*** Dataset content Section Begins ***

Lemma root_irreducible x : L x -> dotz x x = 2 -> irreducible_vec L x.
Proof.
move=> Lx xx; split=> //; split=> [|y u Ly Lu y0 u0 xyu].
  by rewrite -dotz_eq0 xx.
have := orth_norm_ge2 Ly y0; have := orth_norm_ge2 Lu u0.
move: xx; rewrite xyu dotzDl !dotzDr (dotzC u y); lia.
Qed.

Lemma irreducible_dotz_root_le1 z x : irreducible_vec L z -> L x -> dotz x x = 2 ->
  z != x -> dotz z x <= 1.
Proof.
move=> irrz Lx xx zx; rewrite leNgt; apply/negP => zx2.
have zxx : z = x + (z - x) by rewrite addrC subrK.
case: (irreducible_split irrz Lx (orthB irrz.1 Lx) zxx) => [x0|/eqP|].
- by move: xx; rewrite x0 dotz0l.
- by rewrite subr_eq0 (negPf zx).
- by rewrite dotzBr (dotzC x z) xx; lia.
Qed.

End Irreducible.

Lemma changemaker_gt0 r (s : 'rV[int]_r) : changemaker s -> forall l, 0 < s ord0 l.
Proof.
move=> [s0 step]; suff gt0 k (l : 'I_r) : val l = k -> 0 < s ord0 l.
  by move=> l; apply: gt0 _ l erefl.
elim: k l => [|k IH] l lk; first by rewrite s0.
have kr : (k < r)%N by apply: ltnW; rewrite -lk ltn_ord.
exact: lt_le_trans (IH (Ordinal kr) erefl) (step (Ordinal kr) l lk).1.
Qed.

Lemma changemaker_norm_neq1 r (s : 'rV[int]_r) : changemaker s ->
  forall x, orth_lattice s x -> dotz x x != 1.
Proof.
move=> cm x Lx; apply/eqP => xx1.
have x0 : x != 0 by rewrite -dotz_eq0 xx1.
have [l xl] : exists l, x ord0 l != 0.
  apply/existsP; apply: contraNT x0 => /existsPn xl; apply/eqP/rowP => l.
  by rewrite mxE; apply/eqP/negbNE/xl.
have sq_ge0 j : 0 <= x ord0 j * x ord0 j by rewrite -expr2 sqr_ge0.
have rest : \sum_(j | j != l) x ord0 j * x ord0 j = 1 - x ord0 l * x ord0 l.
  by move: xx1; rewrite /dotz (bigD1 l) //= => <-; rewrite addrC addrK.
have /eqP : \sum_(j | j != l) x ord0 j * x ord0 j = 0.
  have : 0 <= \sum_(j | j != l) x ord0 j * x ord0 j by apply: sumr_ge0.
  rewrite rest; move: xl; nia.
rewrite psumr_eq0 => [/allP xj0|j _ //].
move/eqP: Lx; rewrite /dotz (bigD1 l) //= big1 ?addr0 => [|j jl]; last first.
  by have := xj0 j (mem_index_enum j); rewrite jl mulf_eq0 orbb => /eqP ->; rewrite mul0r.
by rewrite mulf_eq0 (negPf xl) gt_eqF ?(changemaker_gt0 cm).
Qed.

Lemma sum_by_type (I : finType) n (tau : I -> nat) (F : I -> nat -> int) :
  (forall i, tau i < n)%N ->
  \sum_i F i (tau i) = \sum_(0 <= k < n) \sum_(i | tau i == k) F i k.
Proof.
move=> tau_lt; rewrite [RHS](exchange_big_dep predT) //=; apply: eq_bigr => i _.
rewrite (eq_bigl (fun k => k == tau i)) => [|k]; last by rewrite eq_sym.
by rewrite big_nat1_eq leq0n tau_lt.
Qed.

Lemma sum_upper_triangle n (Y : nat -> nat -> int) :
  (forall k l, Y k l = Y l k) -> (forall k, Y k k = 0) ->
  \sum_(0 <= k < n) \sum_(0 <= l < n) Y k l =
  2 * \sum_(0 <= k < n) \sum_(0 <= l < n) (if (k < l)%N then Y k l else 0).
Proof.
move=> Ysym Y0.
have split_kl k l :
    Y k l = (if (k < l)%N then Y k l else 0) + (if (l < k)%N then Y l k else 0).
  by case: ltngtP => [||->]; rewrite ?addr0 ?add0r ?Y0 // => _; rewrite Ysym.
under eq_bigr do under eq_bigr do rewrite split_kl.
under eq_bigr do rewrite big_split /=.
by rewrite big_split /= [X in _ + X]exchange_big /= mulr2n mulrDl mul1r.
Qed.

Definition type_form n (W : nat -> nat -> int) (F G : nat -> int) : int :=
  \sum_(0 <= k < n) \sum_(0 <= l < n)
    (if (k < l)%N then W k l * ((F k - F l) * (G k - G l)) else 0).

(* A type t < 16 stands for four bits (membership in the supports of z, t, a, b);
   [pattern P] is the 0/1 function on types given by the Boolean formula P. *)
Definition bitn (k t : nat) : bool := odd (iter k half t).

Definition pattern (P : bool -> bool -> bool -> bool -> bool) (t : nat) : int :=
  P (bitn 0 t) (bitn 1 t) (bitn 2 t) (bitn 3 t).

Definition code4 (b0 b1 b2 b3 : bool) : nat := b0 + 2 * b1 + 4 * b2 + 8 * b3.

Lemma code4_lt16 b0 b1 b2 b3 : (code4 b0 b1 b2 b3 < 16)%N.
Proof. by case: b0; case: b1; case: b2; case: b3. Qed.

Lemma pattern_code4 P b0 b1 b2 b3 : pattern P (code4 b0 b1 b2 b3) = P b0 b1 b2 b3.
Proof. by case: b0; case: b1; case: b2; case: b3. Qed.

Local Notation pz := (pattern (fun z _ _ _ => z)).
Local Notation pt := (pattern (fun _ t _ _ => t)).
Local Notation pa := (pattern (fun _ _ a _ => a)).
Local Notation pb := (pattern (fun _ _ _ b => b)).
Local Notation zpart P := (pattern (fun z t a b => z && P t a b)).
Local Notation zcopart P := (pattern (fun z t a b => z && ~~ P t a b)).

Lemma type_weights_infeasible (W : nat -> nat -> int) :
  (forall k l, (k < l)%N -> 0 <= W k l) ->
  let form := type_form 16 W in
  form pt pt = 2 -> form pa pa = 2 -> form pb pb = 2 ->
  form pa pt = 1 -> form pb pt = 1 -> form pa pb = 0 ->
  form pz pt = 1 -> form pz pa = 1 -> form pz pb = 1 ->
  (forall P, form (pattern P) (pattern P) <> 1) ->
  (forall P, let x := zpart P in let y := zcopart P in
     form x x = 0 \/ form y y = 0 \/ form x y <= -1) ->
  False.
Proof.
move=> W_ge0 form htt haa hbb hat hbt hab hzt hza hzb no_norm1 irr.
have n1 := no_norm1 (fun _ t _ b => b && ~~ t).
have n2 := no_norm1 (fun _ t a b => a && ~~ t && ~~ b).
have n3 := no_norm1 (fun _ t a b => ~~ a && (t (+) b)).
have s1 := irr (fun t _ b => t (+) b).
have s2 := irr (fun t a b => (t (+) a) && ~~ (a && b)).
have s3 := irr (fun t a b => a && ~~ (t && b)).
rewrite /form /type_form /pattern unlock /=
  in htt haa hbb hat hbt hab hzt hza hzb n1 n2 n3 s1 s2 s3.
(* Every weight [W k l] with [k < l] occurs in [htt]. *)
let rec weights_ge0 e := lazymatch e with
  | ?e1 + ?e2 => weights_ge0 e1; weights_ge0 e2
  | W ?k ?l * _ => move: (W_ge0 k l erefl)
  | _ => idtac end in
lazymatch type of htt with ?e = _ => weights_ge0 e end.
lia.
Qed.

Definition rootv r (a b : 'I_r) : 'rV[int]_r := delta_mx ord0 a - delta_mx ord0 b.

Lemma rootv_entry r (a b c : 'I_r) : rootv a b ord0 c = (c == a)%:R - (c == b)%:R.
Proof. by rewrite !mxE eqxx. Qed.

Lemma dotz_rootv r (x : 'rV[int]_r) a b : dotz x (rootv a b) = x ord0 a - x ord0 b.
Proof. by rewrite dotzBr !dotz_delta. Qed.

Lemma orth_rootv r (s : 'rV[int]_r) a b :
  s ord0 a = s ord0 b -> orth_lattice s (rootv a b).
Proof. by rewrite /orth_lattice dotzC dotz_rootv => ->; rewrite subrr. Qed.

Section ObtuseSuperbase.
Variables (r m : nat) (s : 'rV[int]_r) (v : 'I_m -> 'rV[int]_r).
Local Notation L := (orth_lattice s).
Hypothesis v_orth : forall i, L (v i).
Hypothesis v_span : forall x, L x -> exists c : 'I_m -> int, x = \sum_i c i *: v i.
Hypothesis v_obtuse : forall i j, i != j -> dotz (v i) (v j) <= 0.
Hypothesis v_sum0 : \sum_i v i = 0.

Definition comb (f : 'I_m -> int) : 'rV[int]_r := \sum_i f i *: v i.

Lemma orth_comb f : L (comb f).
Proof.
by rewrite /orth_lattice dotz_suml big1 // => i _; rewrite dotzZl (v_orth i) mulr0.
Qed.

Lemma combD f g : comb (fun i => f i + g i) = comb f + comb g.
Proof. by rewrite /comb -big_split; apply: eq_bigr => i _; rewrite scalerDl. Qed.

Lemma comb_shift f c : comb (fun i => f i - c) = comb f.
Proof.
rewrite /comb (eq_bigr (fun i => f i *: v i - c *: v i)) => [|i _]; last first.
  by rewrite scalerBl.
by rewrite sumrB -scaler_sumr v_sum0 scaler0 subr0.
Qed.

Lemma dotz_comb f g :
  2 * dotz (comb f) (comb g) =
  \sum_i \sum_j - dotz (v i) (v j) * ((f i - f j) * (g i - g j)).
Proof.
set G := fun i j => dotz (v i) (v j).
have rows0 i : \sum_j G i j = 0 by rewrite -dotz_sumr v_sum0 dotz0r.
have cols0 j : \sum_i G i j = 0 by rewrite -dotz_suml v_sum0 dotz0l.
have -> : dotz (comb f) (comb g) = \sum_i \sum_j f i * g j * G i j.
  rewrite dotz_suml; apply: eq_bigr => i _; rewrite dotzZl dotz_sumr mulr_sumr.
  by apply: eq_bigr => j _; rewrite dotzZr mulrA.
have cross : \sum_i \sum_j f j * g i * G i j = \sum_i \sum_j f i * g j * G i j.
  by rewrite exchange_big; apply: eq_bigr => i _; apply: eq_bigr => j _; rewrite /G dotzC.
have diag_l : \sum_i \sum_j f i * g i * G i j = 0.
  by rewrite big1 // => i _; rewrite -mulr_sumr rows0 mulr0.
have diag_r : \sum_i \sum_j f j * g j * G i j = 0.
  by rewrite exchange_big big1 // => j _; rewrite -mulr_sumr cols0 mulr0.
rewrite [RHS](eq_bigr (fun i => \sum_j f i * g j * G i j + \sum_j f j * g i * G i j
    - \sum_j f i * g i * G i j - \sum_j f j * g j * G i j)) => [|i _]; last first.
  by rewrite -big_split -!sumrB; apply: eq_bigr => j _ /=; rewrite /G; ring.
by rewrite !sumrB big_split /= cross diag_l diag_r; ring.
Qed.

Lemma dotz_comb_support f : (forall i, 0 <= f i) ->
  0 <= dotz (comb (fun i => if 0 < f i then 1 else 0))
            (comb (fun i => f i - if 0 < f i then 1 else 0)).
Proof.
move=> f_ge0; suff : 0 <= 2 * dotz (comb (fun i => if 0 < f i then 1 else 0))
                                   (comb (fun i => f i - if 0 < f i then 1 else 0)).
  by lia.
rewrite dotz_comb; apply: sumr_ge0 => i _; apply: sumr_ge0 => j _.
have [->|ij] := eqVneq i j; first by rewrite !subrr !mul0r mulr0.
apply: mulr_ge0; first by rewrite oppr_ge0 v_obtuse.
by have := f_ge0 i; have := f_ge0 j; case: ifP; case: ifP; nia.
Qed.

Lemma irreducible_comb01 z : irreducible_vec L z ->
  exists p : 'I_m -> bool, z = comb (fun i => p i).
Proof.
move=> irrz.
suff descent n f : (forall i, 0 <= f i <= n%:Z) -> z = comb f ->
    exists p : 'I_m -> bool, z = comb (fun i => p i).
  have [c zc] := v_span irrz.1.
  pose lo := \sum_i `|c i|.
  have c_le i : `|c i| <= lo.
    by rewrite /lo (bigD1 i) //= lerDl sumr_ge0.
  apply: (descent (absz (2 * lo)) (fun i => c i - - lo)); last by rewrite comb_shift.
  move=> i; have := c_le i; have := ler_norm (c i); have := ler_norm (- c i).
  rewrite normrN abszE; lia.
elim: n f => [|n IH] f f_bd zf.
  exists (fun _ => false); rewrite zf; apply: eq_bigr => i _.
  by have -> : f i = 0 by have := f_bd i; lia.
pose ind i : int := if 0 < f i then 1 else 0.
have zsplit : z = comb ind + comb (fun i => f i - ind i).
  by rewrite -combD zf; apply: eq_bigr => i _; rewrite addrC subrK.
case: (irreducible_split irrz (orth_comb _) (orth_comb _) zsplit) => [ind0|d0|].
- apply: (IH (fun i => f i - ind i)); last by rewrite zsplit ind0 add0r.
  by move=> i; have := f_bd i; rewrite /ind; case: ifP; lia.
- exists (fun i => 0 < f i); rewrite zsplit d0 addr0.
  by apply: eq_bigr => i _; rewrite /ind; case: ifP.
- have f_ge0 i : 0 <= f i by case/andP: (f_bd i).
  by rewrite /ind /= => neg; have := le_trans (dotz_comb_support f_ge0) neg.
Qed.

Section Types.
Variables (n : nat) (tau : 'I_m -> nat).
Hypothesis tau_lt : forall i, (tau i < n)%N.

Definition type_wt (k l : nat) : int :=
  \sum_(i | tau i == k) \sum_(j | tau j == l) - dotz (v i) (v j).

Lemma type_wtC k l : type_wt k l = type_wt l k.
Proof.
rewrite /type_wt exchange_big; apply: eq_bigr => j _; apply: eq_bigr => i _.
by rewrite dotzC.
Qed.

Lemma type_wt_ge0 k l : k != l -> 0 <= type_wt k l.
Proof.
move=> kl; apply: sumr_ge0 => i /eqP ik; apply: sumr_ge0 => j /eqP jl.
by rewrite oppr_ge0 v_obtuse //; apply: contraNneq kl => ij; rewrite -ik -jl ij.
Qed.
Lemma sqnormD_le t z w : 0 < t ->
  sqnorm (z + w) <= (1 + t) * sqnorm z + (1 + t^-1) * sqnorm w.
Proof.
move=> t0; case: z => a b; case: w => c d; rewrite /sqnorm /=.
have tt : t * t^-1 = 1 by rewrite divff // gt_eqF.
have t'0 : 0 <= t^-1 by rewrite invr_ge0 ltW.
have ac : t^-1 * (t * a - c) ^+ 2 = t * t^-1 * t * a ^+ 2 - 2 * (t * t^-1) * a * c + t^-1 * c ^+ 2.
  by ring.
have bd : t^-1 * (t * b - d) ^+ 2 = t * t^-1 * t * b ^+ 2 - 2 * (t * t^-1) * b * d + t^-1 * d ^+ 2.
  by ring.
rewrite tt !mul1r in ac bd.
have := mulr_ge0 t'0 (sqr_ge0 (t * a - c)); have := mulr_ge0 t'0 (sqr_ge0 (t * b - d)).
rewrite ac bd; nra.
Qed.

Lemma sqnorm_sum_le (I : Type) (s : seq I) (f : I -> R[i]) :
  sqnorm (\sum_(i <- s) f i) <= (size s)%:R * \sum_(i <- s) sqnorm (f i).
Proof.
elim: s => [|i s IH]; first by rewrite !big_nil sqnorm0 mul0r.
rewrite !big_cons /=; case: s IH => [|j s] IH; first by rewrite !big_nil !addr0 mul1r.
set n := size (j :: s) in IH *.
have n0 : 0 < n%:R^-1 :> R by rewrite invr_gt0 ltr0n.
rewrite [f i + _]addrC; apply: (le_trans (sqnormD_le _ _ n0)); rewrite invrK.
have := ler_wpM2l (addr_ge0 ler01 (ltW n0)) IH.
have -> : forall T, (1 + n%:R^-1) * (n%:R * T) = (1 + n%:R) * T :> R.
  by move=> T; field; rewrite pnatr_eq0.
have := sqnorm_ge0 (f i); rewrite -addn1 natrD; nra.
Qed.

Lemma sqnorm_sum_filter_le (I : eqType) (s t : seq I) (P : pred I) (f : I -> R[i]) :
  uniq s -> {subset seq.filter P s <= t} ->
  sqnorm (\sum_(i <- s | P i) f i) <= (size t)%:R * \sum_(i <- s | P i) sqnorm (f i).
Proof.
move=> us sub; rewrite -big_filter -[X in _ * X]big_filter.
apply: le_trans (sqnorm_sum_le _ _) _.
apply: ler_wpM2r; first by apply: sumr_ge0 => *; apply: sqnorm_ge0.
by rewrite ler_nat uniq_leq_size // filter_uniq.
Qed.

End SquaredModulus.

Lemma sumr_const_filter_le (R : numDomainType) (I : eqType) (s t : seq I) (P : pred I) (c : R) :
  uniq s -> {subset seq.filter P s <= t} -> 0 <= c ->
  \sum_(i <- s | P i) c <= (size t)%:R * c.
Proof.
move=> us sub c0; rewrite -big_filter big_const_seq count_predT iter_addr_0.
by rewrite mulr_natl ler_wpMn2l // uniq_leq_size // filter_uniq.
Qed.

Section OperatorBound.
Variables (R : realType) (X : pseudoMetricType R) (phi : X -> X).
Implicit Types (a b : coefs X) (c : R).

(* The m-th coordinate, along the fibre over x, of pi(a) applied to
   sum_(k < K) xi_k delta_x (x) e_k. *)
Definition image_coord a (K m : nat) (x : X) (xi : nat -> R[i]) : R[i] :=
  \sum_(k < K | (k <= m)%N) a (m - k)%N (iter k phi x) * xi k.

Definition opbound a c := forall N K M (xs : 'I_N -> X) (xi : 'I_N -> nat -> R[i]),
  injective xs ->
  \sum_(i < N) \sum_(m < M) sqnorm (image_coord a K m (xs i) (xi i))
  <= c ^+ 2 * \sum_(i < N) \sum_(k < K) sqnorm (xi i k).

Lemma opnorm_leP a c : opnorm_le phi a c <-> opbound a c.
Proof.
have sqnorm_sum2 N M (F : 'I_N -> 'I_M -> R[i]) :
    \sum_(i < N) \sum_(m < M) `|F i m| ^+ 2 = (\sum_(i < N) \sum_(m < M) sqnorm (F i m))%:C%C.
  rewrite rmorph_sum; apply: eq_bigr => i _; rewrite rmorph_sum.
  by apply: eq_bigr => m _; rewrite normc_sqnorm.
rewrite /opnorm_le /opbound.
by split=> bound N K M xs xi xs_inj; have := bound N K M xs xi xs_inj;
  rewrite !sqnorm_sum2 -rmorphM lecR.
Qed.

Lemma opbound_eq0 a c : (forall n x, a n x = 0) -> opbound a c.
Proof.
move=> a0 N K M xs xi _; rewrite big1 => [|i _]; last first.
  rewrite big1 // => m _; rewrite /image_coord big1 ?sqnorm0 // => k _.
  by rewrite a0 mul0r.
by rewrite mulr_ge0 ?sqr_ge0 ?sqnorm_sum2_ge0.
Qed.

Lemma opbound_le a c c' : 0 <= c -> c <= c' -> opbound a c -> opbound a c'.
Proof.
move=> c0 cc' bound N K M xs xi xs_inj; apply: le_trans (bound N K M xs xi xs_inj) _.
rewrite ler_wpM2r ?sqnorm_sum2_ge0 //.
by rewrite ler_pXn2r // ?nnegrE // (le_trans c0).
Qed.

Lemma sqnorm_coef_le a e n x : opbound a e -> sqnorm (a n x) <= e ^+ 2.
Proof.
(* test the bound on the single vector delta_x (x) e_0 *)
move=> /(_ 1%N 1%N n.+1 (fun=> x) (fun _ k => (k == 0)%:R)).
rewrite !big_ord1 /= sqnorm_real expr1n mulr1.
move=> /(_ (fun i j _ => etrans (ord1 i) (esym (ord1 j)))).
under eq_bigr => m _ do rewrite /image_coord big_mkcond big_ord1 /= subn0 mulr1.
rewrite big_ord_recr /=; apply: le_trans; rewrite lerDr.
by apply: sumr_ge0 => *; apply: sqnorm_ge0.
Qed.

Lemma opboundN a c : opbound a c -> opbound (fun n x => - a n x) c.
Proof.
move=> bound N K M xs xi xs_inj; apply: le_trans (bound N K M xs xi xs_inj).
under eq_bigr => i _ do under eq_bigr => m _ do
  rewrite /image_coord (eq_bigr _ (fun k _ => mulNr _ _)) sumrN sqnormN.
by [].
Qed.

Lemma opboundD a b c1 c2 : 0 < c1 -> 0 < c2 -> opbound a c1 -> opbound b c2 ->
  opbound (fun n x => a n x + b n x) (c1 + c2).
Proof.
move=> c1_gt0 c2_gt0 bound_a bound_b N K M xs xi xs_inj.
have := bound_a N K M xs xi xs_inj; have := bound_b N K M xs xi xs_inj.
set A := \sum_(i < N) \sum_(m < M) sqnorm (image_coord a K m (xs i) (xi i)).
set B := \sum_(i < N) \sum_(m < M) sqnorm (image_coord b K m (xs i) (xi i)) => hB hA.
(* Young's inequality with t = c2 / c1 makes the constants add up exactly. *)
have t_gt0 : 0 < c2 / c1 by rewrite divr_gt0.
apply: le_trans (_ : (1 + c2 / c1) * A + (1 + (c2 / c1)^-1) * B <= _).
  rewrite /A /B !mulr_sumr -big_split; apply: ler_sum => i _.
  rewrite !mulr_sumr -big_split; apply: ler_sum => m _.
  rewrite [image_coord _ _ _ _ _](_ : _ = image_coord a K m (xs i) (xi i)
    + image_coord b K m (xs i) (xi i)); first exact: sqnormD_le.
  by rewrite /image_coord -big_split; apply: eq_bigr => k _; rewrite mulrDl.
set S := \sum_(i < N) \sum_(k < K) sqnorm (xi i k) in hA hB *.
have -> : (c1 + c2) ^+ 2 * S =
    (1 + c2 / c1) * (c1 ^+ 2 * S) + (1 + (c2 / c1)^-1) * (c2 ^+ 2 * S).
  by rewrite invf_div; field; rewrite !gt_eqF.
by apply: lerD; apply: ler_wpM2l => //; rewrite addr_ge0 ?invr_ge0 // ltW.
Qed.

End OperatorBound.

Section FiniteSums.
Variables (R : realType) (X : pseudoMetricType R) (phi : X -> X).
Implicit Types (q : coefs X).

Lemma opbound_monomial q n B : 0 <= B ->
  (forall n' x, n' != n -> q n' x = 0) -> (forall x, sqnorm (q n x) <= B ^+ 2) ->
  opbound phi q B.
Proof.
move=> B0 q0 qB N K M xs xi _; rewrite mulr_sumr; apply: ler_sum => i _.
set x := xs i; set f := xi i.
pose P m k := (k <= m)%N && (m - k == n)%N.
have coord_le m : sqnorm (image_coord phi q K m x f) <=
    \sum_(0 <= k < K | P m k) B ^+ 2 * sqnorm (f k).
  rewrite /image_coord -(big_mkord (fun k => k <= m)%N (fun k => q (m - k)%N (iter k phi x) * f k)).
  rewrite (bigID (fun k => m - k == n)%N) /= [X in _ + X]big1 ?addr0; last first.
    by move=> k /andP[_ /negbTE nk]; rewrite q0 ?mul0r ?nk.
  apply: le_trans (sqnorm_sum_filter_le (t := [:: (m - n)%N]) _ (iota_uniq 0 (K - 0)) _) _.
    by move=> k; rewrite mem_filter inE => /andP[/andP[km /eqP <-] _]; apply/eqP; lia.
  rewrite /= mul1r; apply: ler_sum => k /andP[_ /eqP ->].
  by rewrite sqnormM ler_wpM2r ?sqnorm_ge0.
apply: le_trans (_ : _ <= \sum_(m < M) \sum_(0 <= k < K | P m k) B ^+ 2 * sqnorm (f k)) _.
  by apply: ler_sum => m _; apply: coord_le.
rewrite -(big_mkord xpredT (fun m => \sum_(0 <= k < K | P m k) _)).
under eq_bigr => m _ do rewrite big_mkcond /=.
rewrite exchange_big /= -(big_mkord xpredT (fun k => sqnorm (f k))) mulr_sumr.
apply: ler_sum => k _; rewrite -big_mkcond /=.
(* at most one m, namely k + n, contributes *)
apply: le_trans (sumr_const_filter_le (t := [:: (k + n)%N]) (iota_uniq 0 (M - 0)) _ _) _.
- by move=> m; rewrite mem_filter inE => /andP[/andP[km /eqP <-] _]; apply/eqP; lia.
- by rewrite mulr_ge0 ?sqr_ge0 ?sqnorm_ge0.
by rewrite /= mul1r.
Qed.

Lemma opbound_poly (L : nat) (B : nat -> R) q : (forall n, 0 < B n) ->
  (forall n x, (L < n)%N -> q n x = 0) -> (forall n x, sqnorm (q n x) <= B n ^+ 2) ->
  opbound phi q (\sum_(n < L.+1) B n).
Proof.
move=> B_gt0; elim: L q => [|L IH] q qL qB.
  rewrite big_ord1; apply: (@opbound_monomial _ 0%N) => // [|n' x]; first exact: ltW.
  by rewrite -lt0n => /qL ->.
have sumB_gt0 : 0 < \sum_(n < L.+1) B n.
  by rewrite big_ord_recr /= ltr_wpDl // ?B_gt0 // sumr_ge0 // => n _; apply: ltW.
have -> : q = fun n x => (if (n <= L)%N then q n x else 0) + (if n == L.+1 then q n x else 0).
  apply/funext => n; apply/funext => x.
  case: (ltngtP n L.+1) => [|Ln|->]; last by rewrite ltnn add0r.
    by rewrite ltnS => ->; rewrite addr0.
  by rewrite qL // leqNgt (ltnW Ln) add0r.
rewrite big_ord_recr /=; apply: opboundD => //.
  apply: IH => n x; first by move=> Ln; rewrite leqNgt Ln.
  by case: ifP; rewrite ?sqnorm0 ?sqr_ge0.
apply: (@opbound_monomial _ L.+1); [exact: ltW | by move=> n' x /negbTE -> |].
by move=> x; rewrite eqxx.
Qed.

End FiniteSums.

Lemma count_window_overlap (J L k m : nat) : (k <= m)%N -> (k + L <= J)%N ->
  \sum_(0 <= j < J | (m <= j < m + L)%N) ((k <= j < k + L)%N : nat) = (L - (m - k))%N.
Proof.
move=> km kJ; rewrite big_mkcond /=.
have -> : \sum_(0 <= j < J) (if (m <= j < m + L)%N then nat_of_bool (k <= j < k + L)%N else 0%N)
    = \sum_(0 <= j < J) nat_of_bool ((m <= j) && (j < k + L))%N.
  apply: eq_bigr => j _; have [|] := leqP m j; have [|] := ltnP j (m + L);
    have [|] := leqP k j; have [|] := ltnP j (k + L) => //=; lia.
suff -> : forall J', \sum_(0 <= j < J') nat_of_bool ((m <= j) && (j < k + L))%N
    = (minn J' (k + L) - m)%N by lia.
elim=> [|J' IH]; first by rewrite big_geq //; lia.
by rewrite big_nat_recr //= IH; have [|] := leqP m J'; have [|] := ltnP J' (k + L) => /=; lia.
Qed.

*** Dataset content Section Ends ***

§ What is being asked:
Please go through the data above and copy each line containing the word "with".

§ Expected output:
(* Every weight [W k l] with [k < l] occurs in [htt]. *)
let rec weights_ge0 e := lazymatch e with
lazymatch type of htt with ?e = _ => weights_ge0 e end.
(* Young's inequality with t = c2 / c1 makes the constants add up exactly. *)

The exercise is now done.